There may even be more I don't have in mind at the moment, but the above
is already enough to justify having specific accessor functions for
kernel code to access userland originated pointers.

Ben.


2005-04-13 12:00:09

by Hacksaw

[permalink] [raw]
Subject: Re: Why system call need to copy the date from the userspace before using it

>>Why not use it directly
>Some of these reasons are:

It seems like you gave reason why userland pointers shouldn't be trusted, not
why userland data should be copied into kernel land. All the problems you
mentioned would have to be solved by the kernel regardless of copying the data
around.

Ummm... Except for the who's mapped now problem. That's pretty weird. I guess
that's something that comes with trying to use tons of RAM in a 32 bit system.

I thought the big issue was the need to lock the page(s) during the call, and
maybe some tricky races which made the idea difficult.
--
The key is realizing the whole world is stupid and being happy anyway
http://www.hacksaw.org -- http://www.privatecircus.com -- KB1FVD


2005-04-13 12:40:46

by linux-os (Dick Johnson)

[permalink] [raw]
Subject: Re: Why system call need to copy the date from the userspace before using it

On Wed, 13 Apr 2005, Hacksaw wrote:

>>> Why not use it directly
>> Some of these reasons are:
>
> It seems like you gave reason why userland pointers shouldn't be trusted, not
> why userland data should be copied into kernel land. All the problems you
> mentioned would have to be solved by the kernel regardless of copying the data
> around.
>

You do not seem to understand. Assume that I did a read(fd, buf, len) and
the length would overflow a user-mode buffer. One needs to make sure
that the kernel is protected and the user gets a seg-fault. Since the
kernel, in kernel mode, can do anything it pleases, including destroying
itself, one needs to make sure that it won't. Therefore a special
kind of memcpy() was designed, called copy_to/from_user to protect the
kernel.

> Ummm... Except for the who's mapped now problem. That's pretty weird. I guess
> that's something that comes with trying to use tons of RAM in a 32 bit system.
>
> I thought the big issue was the need to lock the page(s) during the call, and
> maybe some tricky races which made the idea difficult.
> --

The kernel does NOT have to copy data from user-space before
using it. In fact, user-mode pointers are valid in kernel-space
when the kernel is performing a function on behalf of the user-
mode code. The problem is that data-space is usually allocated
in user-mode code (like using malloc()). When the kernel needs
to access that buffer, it has no clue how much the user-code
allocated. It can't trust that the user-code put in the right
buffer length. Therefore, it needs to set up a user-mode trap
if the access attempts to go beyond the buffer length.

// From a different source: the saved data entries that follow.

Lemma dual_bound_S i : dual_bound (S i) <= dual_bound i * (1 + eps * (1 + w) / beta * cst i).
Proof.
  pose proof beta_pos as Hb.
  pose proof (excess_cost_S i). pose proof (alphabar_le_dual_bound i).
  pose proof (minc_nonneg c (Pst i) Hc : 0 <= cst i).
  assert (Hstep : eps * cst i * abar i <= eps * cst i * ((1 + w) * dual_bound i))
    by (apply Rmult_le_compat_l; [apply Rmult_le_pos|]; lra).
  assert (Hexc : excess_cost (S i) / beta <=
                 excess_cost i / beta + eps * cst i * ((1 + w) * dual_bound i) / beta).
  { unfold Rdiv. rewrite <- Rmult_plus_distr_r.
    apply Rmult_le_compat_r; [left; apply Rinv_0_lt_compat, Hb|lra]. }
  replace (dual_bound i * (1 + eps * (1 + w) / beta * cst i))
    with (dual_bound i + eps * cst i * ((1 + w) * dual_bound i) / beta) by (field; lra).
  unfold dual_bound in *. lra.
Qed.

Lemma dual_bound_le_exp n :
  dual_bound n <= delta * INR L * exp (eps * (1 + w) / beta * sumR cst (seq 0 n)).
Proof.
  pose proof beta_pos.
  replace (delta * INR L) with (dual_bound 0)
    by (unfold dual_bound; rewrite excess_cost_0; field; lra).
  rewrite <- sumR_scal. apply growth_le_exp; [exact dual_bound_nonneg|exact dual_bound_S].
Qed.

Lemma total_routed_ge n : 1 + w <= abar n ->
  - ln (delta * INR L) * beta <= eps * (1 + w) * sumR cst (seq 0 n).
Proof.
  intros Hend. pose proof beta_pos as Hb.
  set (A := eps * (1 + w) / beta). set (f := sumR cst (seq 0 n)).
  pose proof (alphabar_le_dual_bound n). pose proof (dual_bound_le_exp n) as Hgrow.
  fold A f in Hgrow. pose proof (exp_pos (A * f)).
  assert (H1 : 1 <= delta * INR L * exp (A * f))
    by (apply (Rmult_le_reg_l (1 + w)); [lra|]; nra).
  assert (HdL0 : 0 <= delta * INR L) by (apply Rmult_le_pos; [lra|apply pos_INR]).
  assert (HdL : 0 < delta * INR L)
    by (destruct HdL0 as [|HdL0]; [assumption|rewrite <- HdL0 in H1; lra]).
  apply ln_le in H1; [|lra]. rewrite ln_1, ln_mult, ln_exp in H1 by lra.
  apply (Rmult_le_compat_r beta) in H1; [|lra].
  replace ((ln (delta * INR L) + A * f) * beta) with (ln (delta * INR L) * beta + eps * (1 + w) * f)
    in H1 by (unfold A; field; lra).
  lra.
Qed.

End ApproxGeneral.

Theorem mainTheorem6
  (V E : Type) (eq_dec : forall a b : E, {a = b} + {a <> b})
  (src tgt : E -> V) (es : list E) (c : E -> R) (len : E -> nat)
  (s t : V) (L : nat) (ps : list (list E))
  (orc : (E -> R) -> list E) (eps w delta beta : R)
  (Hes_nodup : NoDup es) (Hes_full : forall e : E, In e es)
  (Hc : forall e, 0 < c e) (Hlen : forall e, (1 <= len e)%nat)
  (Hst : s <> t) (HL : (1 <= L)%nat)
  (Hps_nodup : NoDup ps)
  (Hps : forall P, In P ps <-> inPL src tgt len s t L P)
  (Hne : exists P, inPL src tgt len s t L P)
  (Heps : 0 < eps <= 1 / 3) (Hw : w = eps)
  (Hdelta : delta = (1 + eps) * (1 + w) /
                    Rpower ((1 + eps) * (1 + w) * INR L) (1 / eps))
  (HO : approx_oracle (inPL src tgt len s t L) w orc)
  (Hbeta : is_LP_opt es ps c beta) :
  let K := log_base (1 + eps) ((1 + eps) * (1 + w) / delta) in
  exists tau : nat,
    stops_at eq_dec c orc eps delta w tau /\
    INR tau <= INR (length es) * IZR (ceilR K) /\
    feasible_Lflow eq_dec ps c (fun P => xflow eq_dec c orc eps delta tau P / K) /\
    beta / (1 + 5 * eps) <= flow_value ps (fun P => xflow eq_dec c orc eps delta tau P / K).
Proof.
  intros K. subst w. destruct Heps as [Heps0 Heps13].
  assert (HC : 1 < (1 + eps) * (1 + eps)) by nra.
  destruct (delta_choice _ _ _ L HC Heps0 HL Hdelta) as [Hd0 [HdC [HlnX [HlnCd HlnL]]]].
  assert (Horc : forall i, inPL src tgt len s t L (Pstep eq_dec c orc eps delta i) /\
            forall Q, inPL src tgt len s t L Q ->
            alphabar eq_dec c orc eps delta i <= (1 + eps) * ypath (yseq eq_dec c orc eps delta i) Q)
    by (intros i; apply HO, (yseq_nonneg eq_dec c orc eps delta Hc Heps0 Hd0)).
  assert (Hin : forall i, In (Pstep eq_dec c orc eps delta i) ps) by (intros i; apply Hps, Horc).
  assert (Hnonempty : forall i, Pstep eq_dec c orc eps delta i <> [])
    by (intros i; apply (inPL_nonempty src tgt len s t L); [exact Hst|apply Horc]).
  assert (Hopt : forall i Q, In Q ps ->
            alphabar eq_dec c orc eps delta i <= (1 + eps) * ypath (yseq eq_dec c orc eps delta i) Q)
    by (intros i Q HQ; apply Horc, Hps, HQ).
  assert (Hlength : forall Q, In Q ps -> (length Q <= L)%nat)
    by (intros Q HQ; apply (inPL_length src tgt len s t); [exact Hlen|apply Hps, HQ]).
  destruct (approx_general_stops eq_dec es c orc eps eps delta) as [tau Hstop]; auto.
  exists tau. split; [exact Hstop|split; [|split]].
  - eapply iterations_le_ceil; eauto.
  - eapply scaled_xflow_feasible; eauto.
  - rewrite flow_value_scaled_xflow by assumption.
    unfold K, log_base. rewrite HlnCd.
    apply scaled_value_bound; [eapply beta_pos; eauto|lra|exact HlnX|].
    apply Rle_trans with (- ln (delta * INR L) * beta); [rewrite HlnL; lra|].
    destruct Hstop as [Hend _]. eapply total_routed_ge; eauto; lra.
Qed.
(* Let $h>0$ and let $\alpha:\mathbb R\to\mathbb R^2$ be a regular curve parametrized by arc length whose signed curvature satisfies $k(s)=K(\tau(s),\mu(s))$ for all $s$, where $\tau=\langle\alpha,\alpha'\rangle$ and $\mu=\langle\alpha,J\alpha'\rangle$. Then $\alpha(s)\neq0$ for $|s|$ sufficiently large, and a continuous polar angle $\omega$ of $\alpha$ (i.e. $\alpha=|\alpha|(\cos\omega,\sin\omega)$), defined on each of the two unbounded intervals where $|s|$ is large, satisfies $\lim_{s\to+\infty}\omega(s)=+\infty$ and $\lim_{s\to-\infty}\omega(s)=+\infty$.
   Context: Fix $h>0$. For $(\tau,\mu)\in\mathbb R^2$ put $r^2=\tau^2+\mu^2$ and define $K:\mathbb R^2\to\mathbb R$ by $$K(\tau,\mu)=\frac{2\big(\tau^2+h^2(1+\mu^2)\big)\tau+(h^2-1)(1+\mu^2)\mu}{(1+r^2)(h^2+r^2)}.$$ $J(x_1,x_2)=(-x_2,x_1)$ on $\mathbb R^2$, $\langle\cdot,\cdot\rangle$ is the Euclidean inner product, and the signed curvature of an arc-length curve $\alpha$ is $k=\langle\alpha'',J\alpha'\rangle$. *)

From Stdlib Require Import Reals.
From Coquelicot Require Import Coquelicot.
Open Scope R_scope.

Definition Kfun (h tau mu : R) : R :=
  let r2 := tau ^ 2 + mu ^ 2 in
  (2 * (tau ^ 2 + h ^ 2 * (1 + mu ^ 2)) * tau + (h ^ 2 - 1) * (1 + mu ^ 2) * mu)
  / ((1 + r2) * (h ^ 2 + r2)).

(* A plane curve alpha = (a1, a2) : R -> R^2 (two coordinate functions). *)
(* Euclidean inner product and J(x1,x2) = (-x2,x1). *)
Definition dot (x1 x2 y1 y2 : R) : R := x1 * y1 + x2 * y2.

Definition tau_of (a1 a2 : R -> R) (s : R) : R :=
  dot (a1 s) (a2 s) (Derive a1 s) (Derive a2 s).
Definition mu_of (a1 a2 : R -> R) (s : R) : R :=
  dot (a1 s) (a2 s) (- Derive a2 s) (Derive a1 s).

Definition curv (a1 a2 : R -> R) (s : R) : R :=
  dot (Derive (Derive a1) s) (Derive (Derive a2) s) (- Derive a2 s) (Derive a1 s).

Definition arclength_curve (a1 a2 : R -> R) : Prop :=
  forall s, ex_derive a1 s /\ ex_derive a2 s /\
            ex_derive (Derive a1) s /\ ex_derive (Derive a2) s /\
            (Derive a1 s) ^ 2 + (Derive a2 s) ^ 2 = 1.

Definition polar_angle_at (a1 a2 omega : R -> R) (s : R) : Prop :=
  a1 s = sqrt (a1 s ^ 2 + a2 s ^ 2) * cos (omega s) /\
  a2 s = sqrt (a1 s ^ 2 + a2 s ^ 2) * sin (omega s).

From Stdlib Require Import Reals Lra Psatz Classical.
From Coquelicot Require Import Coquelicot.
Open Scope R_scope.
(* In the standing setting, let $(A,B,R,\sigma)$ be a normalized context and $(g,f)\in\mathcal{FC}$ with $g^{\uparrow}\ne f_\bot$ and $f^{\downarrow}\ne g_\bot$. Then $\langle f^{\downarrow},f\rangle$ and $\langle g,g^{\uparrow}\rangle$ belong to $\mathcal M$ and $\langle f^{\downarrow},f\rangle\preceq\langle g,g^{\uparrow}\rangle$ (equivalently, $f^{\downarrow}\preceq_2 g$ pointwise).
   Context: Adjoint triple: for posets $(P_1,\le_1),(P_2,\le_2),(P_3,\le_3)$, maps $\&\colon P_1\times P_2\to P_3$, $\swarrow\colon P_3\times P_2\to P_1$, $\nwarrow\colon P_3\times P_1\to P_2$ with $x\le_1 z\swarrow y \iff x\,\&\,y\le_3 z \iff y\le_2 z\nwarrow x$ for all $x,y,z$. For lower-bounded posets, $\&$ has zero-divisors if there are $x\ne\bot_1$, $y\neq\bot_2$ with $x\,\&\,y=\bot_3$. Standing setting: $(L_1,\preceq_1,\bot_1,\top_1)$ and $(L_2,\preceq_2,\bot_2,\top_2)$ are complete lattices and $(P,\le,\bot,\top)$ is a bounded poset. A multi-adjoint frame consists of adjoint triples $(\&_i,\swarrow^i,\nwarrow_i)$, $i=1,\dots,n$, with respect to $L_1,L_2,P$; a property-oriented frame consists of adjoint triples $(\&^p_j,\swarrow_p^j,\nwarrow^p_j)$, $j=1,\dots,m$, with respect to $P,L_2,L_1$; an object-oriented frame consists of adjoint triples $(\&^o_k,\swarrow_o^k,\nwarrow^o_k)$, $k=1,\dots,s$, with respect to $L_1,P,L_2$. All conjunctors $\&_i,\&^p_j,\&^o_k$ have no zero-divisors. A context $(A,B,R,\sigma)$ consists of non-empty sets $A,B$, $R\colon A\times B\to P$, and maps $\sigma,\sigma_p,\sigma_o$ from $A\times B$ to the index sets of the three frames. It is normalized if every $a\in A$ has $b_1,b_2\in B$ with $R(a,b_1)\ne\bot$, $R(a,b_2)=\bot$, and every $b\in B$ has $a_1,a_2\in A$ with $R(a_1,b)\neq\bot$, $R(a_2,b)=\bot$. Concept-forming operators: $g^{\uparrow}(a)=\inf\{R(a,b)\swarrow^{\sigma(a,b)}g(b)\mid b\in B\}$ for $g\in L_2^B$ and $f^{\downarrow}(b)=\inf\{R(a,b)\nwarrow_{\sigma(a,b)}f(a)\mid a\in A\}$ for $f\in L_1^A$. Multi-adjoint concept lattice $\mathcal M=\{\langle g,f\rangle\mid g\in L_2^B,f\in L_1^A,\ g^{\uparrow}=f,\ f^{\downarrow}=g\}$, ordered by $\langle g_1,f_1\rangle\preceq\langle g_2,f_2\rangle$ iff $g_1\preceq_2 g_2$ pointwise. Fuzzy necessity operators: $g^{\uparrow_N}(a)=\inf\{g(b)\swarrow_o^{\sigma_o(a,b)}R(a,b)\mid b\in B\}$ and $f^{\downarrow^N}(b)=\inf\{f(a)\nwarrow^p_{\sigma_p(a,b)}R(a,b)\mid a\in A\}$. $\mathcal F_N=\{(g,f)\mid g\in L_2^B,\ f\in L_1^A,\ g^{\uparrow_N}=f,\ f^{\downarrow^N}=g\}$. For $X\subseteq B$, $\chi_X\in L_2^B$ takes value $\top_2$ on $X$ and $\bot_2$ elsewhere; for $Y\subseteq A$, $\chi_Y\in L_1^A$ takes value $\top_1$ on $Y$ and $\bot_1$ elsewhere. $\mathcal{FC}=\{(\chi_X,\chi_Y)\in\mathcal F_N\mid \varnothing\ne X\subsetneq B,\ \varnothing\neq Y\subsetneq A\}$. $g_\bot\in L_2^B$, $f_\bot\in L_1^A$ are the constant maps with values $\bot_2,\bot_1$. *)

From mathcomp Require Import ssreflect ssrbool ssrnat fintype.
Set Implicit Arguments.
Unset Strict Implicit.

Record BPoset := {
  bp_car :> Type;
  bp_le : bp_car -> bp_car -> Prop;
  bp_refl : forall x, bp_le x x;
  bp_trans : forall x y z, bp_le x y -> bp_le y z -> bp_le x z;
  bp_antisym : forall x y, bp_le x y -> bp_le y x -> x = y;
  bp_bot : bp_car;
  bp_top : bp_car;
  bp_bot_le : forall x, bp_le bp_bot x;
  bp_le_top : forall x, bp_le x bp_top
}.

Record CLattice := {
  cl_car :> Type;
  cl_le : cl_car -> cl_car -> Prop;
  cl_refl : forall x, cl_le x x;
  cl_trans : forall x y z, cl_le x y -> cl_le y z -> cl_le x z;
  cl_antisym : forall x y, cl_le x y -> cl_le y x -> x = y;
  cl_inf : (cl_car -> Prop) -> cl_car;
  cl_inf_lb : forall (S : cl_car -> Prop) x, S x -> cl_le (cl_inf S) x;
  cl_inf_glb : forall (S : cl_car -> Prop) y,
      (forall x, S x -> cl_le y x) -> cl_le y (cl_inf S)
}.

Examples of not copying to/from user mode is memory-mapped
data. The kernel knows how much data was actually mapped. It
also knows if it will page-fault when being accessed. If
DMA is being performed to such memory, it needs to be reserved
so it won't be paged. It also has to be non-cached so that
writes that the CPU didn't do can be read properly by the CPU.

Under these conditions, the kernel-mode code writes or DMAs
directly to some user buffer. User-mode code needs to find
out when new data are available, perhaps using select() or
poll().

If you are writing a driver, never attempt to copy/to/from/user
with a spin-lock held. You need to allow page-faults to
occur because the user's RAM may have been "borrowed" by
somebody else (paged out). A page-fault needs to occur to
replace the user's RAM-data and reconnect to the user's
working-set.

Cheers,
Dick Johnson
Penguin : Linux version 2.6.11 on an i686 machine (5537.79 BogoMips).
Notice : All mail here is now cached for review by Dictator Bush.
98.36% of all statistics are fiction.

2005-04-13 18:39:06

by Theodore Ts'o

[permalink] [raw]
Subject: Re: Why system call need to copy the date from the userspace before using it

On Wed, Apr 13, 2005 at 08:40:05AM -0400, Richard B. Johnson wrote:
> The kernel does NOT have to copy data from user-space before
> using it.

Incorrect. It must, or the kernel code in question is by definition
buggy.

> In fact, user-mode pointers are valid in kernel-space
> when the kernel is performing a function on behalf of the user-
> mode code.

On some architectures, this is true. But not all architectures, and
not in all circumstances. For example, even on the x86 architecture,
in the 4G/4G mode, a user-mode pointer is *not* valid when kernel code
is running. You must use copy_to_user()/copy_from_user(). Simply
dereferencing a user-mode pointer is a BUG. It might work sometimes,
on some architectures, but not everywhere. Therefore, for correctly
written kernel code, you must not do it.

- Ted

2005-04-13 19:21:21

by linux-os (Dick Johnson)

[permalink] [raw]
Subject: Re: Why system call need to copy the date from the userspace before using it

On Wed, 13 Apr 2005, Theodore Ts'o wrote:

> On Wed, Apr 13, 2005 at 08:40:05AM -0400, Richard B. Johnson wrote:
>> The kernel does NOT have to copy data from user-space before
>> using it.
>
> Incorrect. It must, or the kernel code in question is by definition
> buggy.
>

What? Explain why a memory-mapped buffer can't be DMAed directly?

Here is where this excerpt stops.